Activity:
Given the records below, would you repeat exactly the lines that begin at the one containing "intros y [x" and end at the one containing "[exists p; auto|].", inclusive?
[Records shown Boundary: Start]
Lemma central_img A : central opS A -> central opT (img h A).
Proof.
intros [p [Kp [Ip pA]]]. pose proof (proj1 Kp) as Dp.
exists (hext h p). split; [exact (hext_Kdelta Kp)|split].
- rewrite <- (hext_mul (delta_uf Dp) Dp), Ip; reflexivity.
- apply (uf_mono (delta_uf Dp) pA). intros s As; exists s; auto.
Qed.

Lemma central_preim A : central opT A -> central opS (preim h A).
Proof.
intros [q [Kq [Iq qA]]].
destruct (hext_Kdelta_onto Kq) as [p [Kp Ep]]. pose proof (proj1 Kp) as Dp.
pose (L := fun y => exists x, deltaS opS x /\ uf_mul opS x p = y).
assert (LK : forall y, L y -> Kdelta opS y).
{ intros y [x [Dx <-]]. exact (Kdelta_mull assocS Kp Dx). }
assert (LD : forall y, L y -> deltaS opS y) by (intros y Ly; exact (proj1 (LK y Ly))).
assert (L_closed : closed L) by exact (closed_mulr (@delta_closed S opS) (@delta_uf S opS) Dp).
destruct (closed_subsemigroup_idempotent assocS (X0 := fun y => L y /\ hext h y = q))
  as [x [[Lx Ex] Ixx]].
- split; [|split].
  + apply (closed_fiber (g := fun B s => B (h s)) L_closed).
    * intros c Lc; exact (delta_uf (LD c Lc)).
    * intros c Lc; exact (delta_uf (hext_delta (LD c Lc))).
    * exact (delta_uf (proj1 Kq)).
  + exists (uf_mul opS p p). split; [exists p; auto|].
    rewrite (hext_mul (delta_uf Dp) Dp), Ep; exact Iq.
  + intros y [Ly _]; exact (delta_uf (LD y Ly)).
- intros y [Ly _]; exact (LD y Ly).
- intros a b [La Ea] [[x2 [Dx2 <-]] Eb]. split.
  + exists (uf_mul opS a x2). split; [exact (mul_delta assocS (LD a La) Dx2)|].
    exact (mul_assoc assocS (delta_uf (LD a La)) Dx2 (delta_uf Dp)).
  + rewrite (hext_mul (delta_uf (LD a La)) (mul_delta assocS Dx2 Dp)), Ea, Eb; exact Iq.
- exists x. split; [exact (LK x Lx)|split; [exact Ixx|]].
  change (hext h x A). rewrite Ex; exact qA.
Qed.

End Homomorphism.

Theorem theorem5p6 (S T : Type) (opS : S -> S -> option S) (opT : T -> T -> option T)
  (h : S -> T)
  (assocS : ps_assoc opS) (commS : ps_comm opS) (adeqS : adequate opS)
  (assocT : ps_assoc opT) (commT : ps_comm opT) (adeqT : adequate opT)
  (homh : ps_hom opS opT h) (surjh : forall t, exists s, h s = t)
  (onto_into : forall p, deltaS opS p -> deltaS opT (hext h p))
  (onto_onto : forall q, deltaS opT q -> exists p, deltaS opS p /\ hext h p = q) :
  ((forall p, Kdelta opS p -> Kdelta opT (hext h p)) /\
   (forall q, Kdelta opT q -> exists p, Kdelta opS p /\ hext h p = q)) /\
  (forall A : S -> Prop, central opS A -> central opT (img h A)) /\
  (forall A : T -> Prop, central opT A -> central opS (preim h A)).
Proof.
split; [split|split].
- exact (hext_Kdelta homh assocS onto_into onto_onto).
- exact (hext_Kdelta_onto homh assocS onto_into onto_onto).
- exact (central_img homh assocS onto_into onto_onto).
- exact (central_preim homh assocS onto_into onto_onto).
Qed.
[Records shown Boundary: End]
Answer space:
{ intros y [x [Dx <-]]. exact (Kdelta_mull assocS Kp Dx). }
assert (LD : forall y, L y -> deltaS opS y) by (intros y Ly; exact (proj1 (LK y Ly))).
assert (L_closed : closed L) by exact (closed_mulr (@delta_closed S opS) (@delta_uf S opS) Dp).
destruct (closed_subsemigroup_idempotent assocS (X0 := fun y => L y /\ hext h y = q))
  as [x [[Lx Ex] Ixx]].
- split; [|split].
  + apply (closed_fiber (g := fun B s => B (h s)) L_closed).
    * intros c Lc; exact (delta_uf (LD c Lc)).
    * intros c Lc; exact (delta_uf (hext_delta (LD c Lc))).
    * exact (delta_uf (proj1 Kq)).
  + exists (uf_mul opS p p). split; [exists p; auto|].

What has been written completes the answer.